■ **THE PROBLEM**
Retype, word for word, every line of the records below starting at the one that contains "tr : 'I_N -> 'I_sdim" and ending at the one that contains "fun c => if"; include both of those lines and nothing more.

■ **RECORDS PROVIDED**

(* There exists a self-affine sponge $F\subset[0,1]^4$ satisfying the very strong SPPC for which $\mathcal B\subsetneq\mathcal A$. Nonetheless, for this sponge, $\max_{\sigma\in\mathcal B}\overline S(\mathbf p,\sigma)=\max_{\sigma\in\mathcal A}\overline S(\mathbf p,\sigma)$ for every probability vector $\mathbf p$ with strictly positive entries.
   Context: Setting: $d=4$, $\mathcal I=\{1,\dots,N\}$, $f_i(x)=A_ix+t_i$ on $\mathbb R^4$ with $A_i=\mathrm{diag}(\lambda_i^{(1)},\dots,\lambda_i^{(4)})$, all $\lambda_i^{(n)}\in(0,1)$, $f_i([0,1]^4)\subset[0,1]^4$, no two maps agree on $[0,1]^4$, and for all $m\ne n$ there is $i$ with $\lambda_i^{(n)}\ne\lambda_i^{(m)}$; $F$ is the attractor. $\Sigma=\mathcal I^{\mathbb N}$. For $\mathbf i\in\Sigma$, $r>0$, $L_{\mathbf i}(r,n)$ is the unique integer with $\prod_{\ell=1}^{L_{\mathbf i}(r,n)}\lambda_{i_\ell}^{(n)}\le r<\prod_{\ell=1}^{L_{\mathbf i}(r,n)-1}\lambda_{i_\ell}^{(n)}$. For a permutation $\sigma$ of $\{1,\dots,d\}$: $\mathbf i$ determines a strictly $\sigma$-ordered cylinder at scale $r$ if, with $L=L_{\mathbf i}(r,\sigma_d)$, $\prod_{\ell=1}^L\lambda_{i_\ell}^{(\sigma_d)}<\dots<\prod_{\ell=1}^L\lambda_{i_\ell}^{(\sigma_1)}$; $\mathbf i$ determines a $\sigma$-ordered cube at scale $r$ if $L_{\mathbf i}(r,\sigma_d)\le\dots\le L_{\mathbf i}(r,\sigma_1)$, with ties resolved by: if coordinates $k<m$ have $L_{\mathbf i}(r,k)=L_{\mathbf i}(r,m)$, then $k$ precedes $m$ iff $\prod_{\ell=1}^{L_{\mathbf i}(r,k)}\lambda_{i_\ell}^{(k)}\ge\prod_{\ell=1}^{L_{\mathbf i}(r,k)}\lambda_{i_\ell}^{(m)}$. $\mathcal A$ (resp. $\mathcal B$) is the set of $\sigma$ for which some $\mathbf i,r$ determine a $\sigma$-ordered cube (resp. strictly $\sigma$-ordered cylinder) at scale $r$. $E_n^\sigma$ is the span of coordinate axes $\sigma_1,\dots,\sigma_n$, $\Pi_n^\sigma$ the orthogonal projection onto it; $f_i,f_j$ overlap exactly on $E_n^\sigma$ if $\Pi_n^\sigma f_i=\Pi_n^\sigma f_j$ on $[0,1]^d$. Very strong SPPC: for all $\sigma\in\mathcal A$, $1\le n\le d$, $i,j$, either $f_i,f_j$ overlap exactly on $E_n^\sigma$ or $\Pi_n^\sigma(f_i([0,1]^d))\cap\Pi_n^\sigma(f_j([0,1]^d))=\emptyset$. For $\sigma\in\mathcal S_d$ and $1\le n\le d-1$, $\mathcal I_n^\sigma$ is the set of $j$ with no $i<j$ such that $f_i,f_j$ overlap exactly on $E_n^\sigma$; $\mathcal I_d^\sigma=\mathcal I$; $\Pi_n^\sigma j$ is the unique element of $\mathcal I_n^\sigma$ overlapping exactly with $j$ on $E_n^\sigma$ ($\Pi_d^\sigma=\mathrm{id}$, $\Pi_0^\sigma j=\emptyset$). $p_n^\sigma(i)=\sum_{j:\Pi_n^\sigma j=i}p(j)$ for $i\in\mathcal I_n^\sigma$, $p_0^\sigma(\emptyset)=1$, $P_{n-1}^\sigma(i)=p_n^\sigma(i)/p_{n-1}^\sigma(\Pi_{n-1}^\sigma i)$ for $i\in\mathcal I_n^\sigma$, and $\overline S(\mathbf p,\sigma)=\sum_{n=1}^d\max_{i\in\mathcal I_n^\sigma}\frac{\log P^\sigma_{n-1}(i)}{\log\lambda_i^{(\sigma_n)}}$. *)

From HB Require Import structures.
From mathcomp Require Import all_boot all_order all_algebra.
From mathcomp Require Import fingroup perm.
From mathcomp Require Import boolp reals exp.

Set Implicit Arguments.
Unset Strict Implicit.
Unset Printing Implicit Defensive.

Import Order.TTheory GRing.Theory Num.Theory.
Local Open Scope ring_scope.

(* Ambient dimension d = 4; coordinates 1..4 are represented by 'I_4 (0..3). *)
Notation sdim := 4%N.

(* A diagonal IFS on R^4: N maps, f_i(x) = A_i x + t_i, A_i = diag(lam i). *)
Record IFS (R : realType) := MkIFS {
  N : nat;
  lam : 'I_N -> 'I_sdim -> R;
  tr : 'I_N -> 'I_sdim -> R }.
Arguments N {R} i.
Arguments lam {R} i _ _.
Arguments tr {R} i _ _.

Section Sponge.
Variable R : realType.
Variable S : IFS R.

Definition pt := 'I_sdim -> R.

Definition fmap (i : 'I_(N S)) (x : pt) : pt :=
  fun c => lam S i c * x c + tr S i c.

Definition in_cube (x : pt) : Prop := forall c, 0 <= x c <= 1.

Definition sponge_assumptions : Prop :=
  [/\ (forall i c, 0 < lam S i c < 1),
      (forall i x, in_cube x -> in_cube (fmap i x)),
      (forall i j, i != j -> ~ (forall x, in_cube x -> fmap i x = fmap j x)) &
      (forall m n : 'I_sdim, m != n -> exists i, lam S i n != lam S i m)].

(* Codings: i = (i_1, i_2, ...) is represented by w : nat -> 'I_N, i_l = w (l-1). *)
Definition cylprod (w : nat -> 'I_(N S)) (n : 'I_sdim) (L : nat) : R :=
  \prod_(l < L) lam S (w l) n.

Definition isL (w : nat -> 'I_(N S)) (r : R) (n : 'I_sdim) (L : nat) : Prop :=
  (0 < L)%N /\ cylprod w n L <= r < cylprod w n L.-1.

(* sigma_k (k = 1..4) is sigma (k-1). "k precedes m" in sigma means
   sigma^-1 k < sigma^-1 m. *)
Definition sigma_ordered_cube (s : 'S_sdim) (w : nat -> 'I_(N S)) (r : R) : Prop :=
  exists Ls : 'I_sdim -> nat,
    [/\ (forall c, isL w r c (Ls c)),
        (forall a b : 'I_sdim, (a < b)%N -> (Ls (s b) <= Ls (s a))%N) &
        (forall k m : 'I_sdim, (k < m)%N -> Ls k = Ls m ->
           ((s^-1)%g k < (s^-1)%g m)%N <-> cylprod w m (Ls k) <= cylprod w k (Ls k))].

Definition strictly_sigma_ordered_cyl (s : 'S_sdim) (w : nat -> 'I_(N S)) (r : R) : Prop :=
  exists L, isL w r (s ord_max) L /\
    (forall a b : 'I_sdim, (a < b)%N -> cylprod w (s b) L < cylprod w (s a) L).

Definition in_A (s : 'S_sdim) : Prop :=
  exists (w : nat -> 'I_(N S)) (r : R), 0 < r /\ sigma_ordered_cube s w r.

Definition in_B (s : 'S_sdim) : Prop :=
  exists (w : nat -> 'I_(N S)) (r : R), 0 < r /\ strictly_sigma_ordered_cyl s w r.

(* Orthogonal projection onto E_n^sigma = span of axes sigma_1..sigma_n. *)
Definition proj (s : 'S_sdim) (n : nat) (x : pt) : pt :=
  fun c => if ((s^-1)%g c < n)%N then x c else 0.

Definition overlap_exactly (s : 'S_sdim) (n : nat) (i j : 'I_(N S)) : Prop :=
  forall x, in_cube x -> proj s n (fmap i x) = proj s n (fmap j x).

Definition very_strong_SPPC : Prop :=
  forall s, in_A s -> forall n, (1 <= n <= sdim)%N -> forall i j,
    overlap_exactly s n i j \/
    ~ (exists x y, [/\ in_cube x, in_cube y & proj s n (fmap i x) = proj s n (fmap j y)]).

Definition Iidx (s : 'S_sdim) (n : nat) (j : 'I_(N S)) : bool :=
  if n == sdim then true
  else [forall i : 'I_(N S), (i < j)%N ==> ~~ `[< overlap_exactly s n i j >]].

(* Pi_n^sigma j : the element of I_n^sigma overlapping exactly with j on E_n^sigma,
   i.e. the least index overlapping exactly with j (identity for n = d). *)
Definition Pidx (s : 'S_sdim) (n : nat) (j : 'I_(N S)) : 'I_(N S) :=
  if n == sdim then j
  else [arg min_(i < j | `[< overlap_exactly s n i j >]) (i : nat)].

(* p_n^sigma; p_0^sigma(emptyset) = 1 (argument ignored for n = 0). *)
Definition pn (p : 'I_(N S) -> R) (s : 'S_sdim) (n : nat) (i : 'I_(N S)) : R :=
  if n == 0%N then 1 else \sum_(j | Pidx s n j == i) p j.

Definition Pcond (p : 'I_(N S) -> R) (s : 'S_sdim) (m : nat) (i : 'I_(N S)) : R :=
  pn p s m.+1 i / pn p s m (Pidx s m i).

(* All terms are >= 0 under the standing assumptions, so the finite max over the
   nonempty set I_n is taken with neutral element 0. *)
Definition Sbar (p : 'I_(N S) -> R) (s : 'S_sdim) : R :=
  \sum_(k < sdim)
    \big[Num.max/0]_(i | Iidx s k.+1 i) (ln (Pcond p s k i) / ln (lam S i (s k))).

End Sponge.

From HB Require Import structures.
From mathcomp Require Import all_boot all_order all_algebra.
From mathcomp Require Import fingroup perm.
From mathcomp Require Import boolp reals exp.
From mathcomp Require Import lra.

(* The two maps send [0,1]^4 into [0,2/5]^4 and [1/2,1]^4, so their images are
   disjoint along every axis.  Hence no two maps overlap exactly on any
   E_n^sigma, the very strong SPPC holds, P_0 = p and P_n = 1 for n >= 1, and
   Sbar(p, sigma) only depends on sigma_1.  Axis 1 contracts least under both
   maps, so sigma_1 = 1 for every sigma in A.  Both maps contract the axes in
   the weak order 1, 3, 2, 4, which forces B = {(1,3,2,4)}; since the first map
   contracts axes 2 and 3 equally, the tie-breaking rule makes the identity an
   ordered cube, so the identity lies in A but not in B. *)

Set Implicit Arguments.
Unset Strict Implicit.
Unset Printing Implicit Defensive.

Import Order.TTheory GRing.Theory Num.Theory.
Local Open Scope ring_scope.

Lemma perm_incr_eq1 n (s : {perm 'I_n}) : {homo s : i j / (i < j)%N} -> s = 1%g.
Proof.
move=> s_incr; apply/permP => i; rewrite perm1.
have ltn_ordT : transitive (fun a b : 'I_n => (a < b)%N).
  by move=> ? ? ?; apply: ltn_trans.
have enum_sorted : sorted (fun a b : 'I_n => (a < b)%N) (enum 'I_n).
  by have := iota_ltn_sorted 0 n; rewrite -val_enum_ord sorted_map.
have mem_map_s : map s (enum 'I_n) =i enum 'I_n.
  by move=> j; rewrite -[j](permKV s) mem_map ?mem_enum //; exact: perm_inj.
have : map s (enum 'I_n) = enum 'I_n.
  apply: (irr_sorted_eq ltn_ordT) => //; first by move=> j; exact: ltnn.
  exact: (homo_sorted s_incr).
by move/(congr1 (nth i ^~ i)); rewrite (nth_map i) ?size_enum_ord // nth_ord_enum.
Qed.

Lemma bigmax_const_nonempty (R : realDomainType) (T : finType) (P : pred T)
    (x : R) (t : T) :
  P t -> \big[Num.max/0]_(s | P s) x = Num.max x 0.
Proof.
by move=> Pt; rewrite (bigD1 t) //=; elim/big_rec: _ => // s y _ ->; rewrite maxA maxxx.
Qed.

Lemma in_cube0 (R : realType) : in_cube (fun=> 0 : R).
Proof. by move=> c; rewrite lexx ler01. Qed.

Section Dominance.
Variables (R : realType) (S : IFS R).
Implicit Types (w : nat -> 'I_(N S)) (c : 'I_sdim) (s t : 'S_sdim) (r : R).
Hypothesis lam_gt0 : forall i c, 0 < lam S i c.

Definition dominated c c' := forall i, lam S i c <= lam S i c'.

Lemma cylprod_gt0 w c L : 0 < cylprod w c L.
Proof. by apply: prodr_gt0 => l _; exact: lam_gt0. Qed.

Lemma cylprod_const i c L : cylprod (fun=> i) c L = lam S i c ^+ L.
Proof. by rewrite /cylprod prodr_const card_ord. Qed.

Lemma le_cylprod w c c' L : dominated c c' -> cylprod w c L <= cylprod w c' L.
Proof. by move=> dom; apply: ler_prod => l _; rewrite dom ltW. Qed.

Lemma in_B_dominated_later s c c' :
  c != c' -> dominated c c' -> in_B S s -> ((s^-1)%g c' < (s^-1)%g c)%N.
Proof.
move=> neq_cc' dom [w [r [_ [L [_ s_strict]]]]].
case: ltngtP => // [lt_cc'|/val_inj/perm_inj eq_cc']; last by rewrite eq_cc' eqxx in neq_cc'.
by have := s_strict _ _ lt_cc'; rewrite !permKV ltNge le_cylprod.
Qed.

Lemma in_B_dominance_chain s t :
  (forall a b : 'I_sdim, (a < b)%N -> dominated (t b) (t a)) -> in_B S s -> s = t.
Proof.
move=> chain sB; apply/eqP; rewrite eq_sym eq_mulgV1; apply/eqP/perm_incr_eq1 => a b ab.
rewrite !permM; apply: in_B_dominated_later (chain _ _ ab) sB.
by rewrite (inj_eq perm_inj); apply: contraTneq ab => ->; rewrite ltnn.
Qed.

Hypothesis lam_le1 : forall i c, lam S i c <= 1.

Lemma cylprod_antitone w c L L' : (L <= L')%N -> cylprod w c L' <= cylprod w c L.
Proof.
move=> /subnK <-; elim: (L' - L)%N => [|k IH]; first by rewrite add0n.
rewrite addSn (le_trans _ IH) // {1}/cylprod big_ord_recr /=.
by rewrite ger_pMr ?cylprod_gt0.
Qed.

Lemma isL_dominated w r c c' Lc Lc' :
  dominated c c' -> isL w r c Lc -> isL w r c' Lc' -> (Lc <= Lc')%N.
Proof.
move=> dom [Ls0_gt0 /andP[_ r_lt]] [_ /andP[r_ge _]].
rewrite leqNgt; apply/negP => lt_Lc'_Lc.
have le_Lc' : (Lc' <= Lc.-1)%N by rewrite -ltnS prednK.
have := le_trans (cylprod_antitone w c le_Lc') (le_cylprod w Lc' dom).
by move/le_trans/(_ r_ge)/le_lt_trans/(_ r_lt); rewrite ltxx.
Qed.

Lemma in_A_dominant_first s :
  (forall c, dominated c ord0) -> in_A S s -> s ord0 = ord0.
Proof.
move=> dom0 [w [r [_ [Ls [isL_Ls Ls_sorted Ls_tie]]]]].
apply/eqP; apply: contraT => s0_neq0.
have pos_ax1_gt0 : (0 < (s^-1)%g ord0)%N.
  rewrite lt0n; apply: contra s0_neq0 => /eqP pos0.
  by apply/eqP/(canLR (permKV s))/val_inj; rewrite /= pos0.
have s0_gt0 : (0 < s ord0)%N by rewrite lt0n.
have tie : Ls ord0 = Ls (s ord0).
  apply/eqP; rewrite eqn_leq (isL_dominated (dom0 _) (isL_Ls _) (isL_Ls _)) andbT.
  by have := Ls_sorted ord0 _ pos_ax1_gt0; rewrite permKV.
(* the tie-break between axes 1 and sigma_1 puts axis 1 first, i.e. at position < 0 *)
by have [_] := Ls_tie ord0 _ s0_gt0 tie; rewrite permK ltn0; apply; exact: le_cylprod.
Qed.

■ **RESPONSE TO THIS TASK**
  tr : 'I_N -> 'I_sdim -> R }.
Arguments N {R} i.
Arguments lam {R} i _ _.
Arguments tr {R} i _ _.

Section Sponge.
Variable R : realType.
Variable S : IFS R.

Definition pt := 'I_sdim -> R.

Definition fmap (i : 'I_(N S)) (x : pt) : pt :=
  fun c => lam S i c * x c + tr S i c.

Definition in_cube (x : pt) : Prop := forall c, 0 <= x c <= 1.

Definition sponge_assumptions : Prop :=
  [/\ (forall i c, 0 < lam S i c < 1),
      (forall i x, in_cube x -> in_cube (fmap i x)),
      (forall i j, i != j -> ~ (forall x, in_cube x -> fmap i x = fmap j x)) &
      (forall m n : 'I_sdim, m != n -> exists i, lam S i n != lam S i m)].

(* Codings: i = (i_1, i_2, ...) is represented by w : nat -> 'I_N, i_l = w (l-1). *)
Definition cylprod (w : nat -> 'I_(N S)) (n : 'I_sdim) (L : nat) : R :=
  \prod_(l < L) lam S (w l) n.

Definition isL (w : nat -> 'I_(N S)) (r : R) (n : 'I_sdim) (L : nat) : Prop :=
  (0 < L)%N /\ cylprod w n L <= r < cylprod w n L.-1.

(* sigma_k (k = 1..4) is sigma (k-1). "k precedes m" in sigma means
   sigma^-1 k < sigma^-1 m. *)
Definition sigma_ordered_cube (s : 'S_sdim) (w : nat -> 'I_(N S)) (r : R) : Prop :=
  exists Ls : 'I_sdim -> nat,
    [/\ (forall c, isL w r c (Ls c)),
        (forall a b : 'I_sdim, (a < b)%N -> (Ls (s b) <= Ls (s a))%N) &
        (forall k m : 'I_sdim, (k < m)%N -> Ls k = Ls m ->
           ((s^-1)%g k < (s^-1)%g m)%N <-> cylprod w m (Ls k) <= cylprod w k (Ls k))].

Definition strictly_sigma_ordered_cyl (s : 'S_sdim) (w : nat -> 'I_(N S)) (r : R) : Prop :=
  exists L, isL w r (s ord_max) L /\
    (forall a b : 'I_sdim, (a < b)%N -> cylprod w (s b) L < cylprod w (s a) L).

Definition in_A (s : 'S_sdim) : Prop :=
  exists (w : nat -> 'I_(N S)) (r : R), 0 < r /\ sigma_ordered_cube s w r.

Definition in_B (s : 'S_sdim) : Prop :=
  exists (w : nat -> 'I_(N S)) (r : R), 0 < r /\ strictly_sigma_ordered_cyl s w r.

(* Orthogonal projection onto E_n^sigma = span of axes sigma_1..sigma_n. *)
Definition proj (s : 'S_sdim) (n : nat) (x : pt) : pt :=
  fun c => if ((s^-1)%g c < n)%N then x c else 0.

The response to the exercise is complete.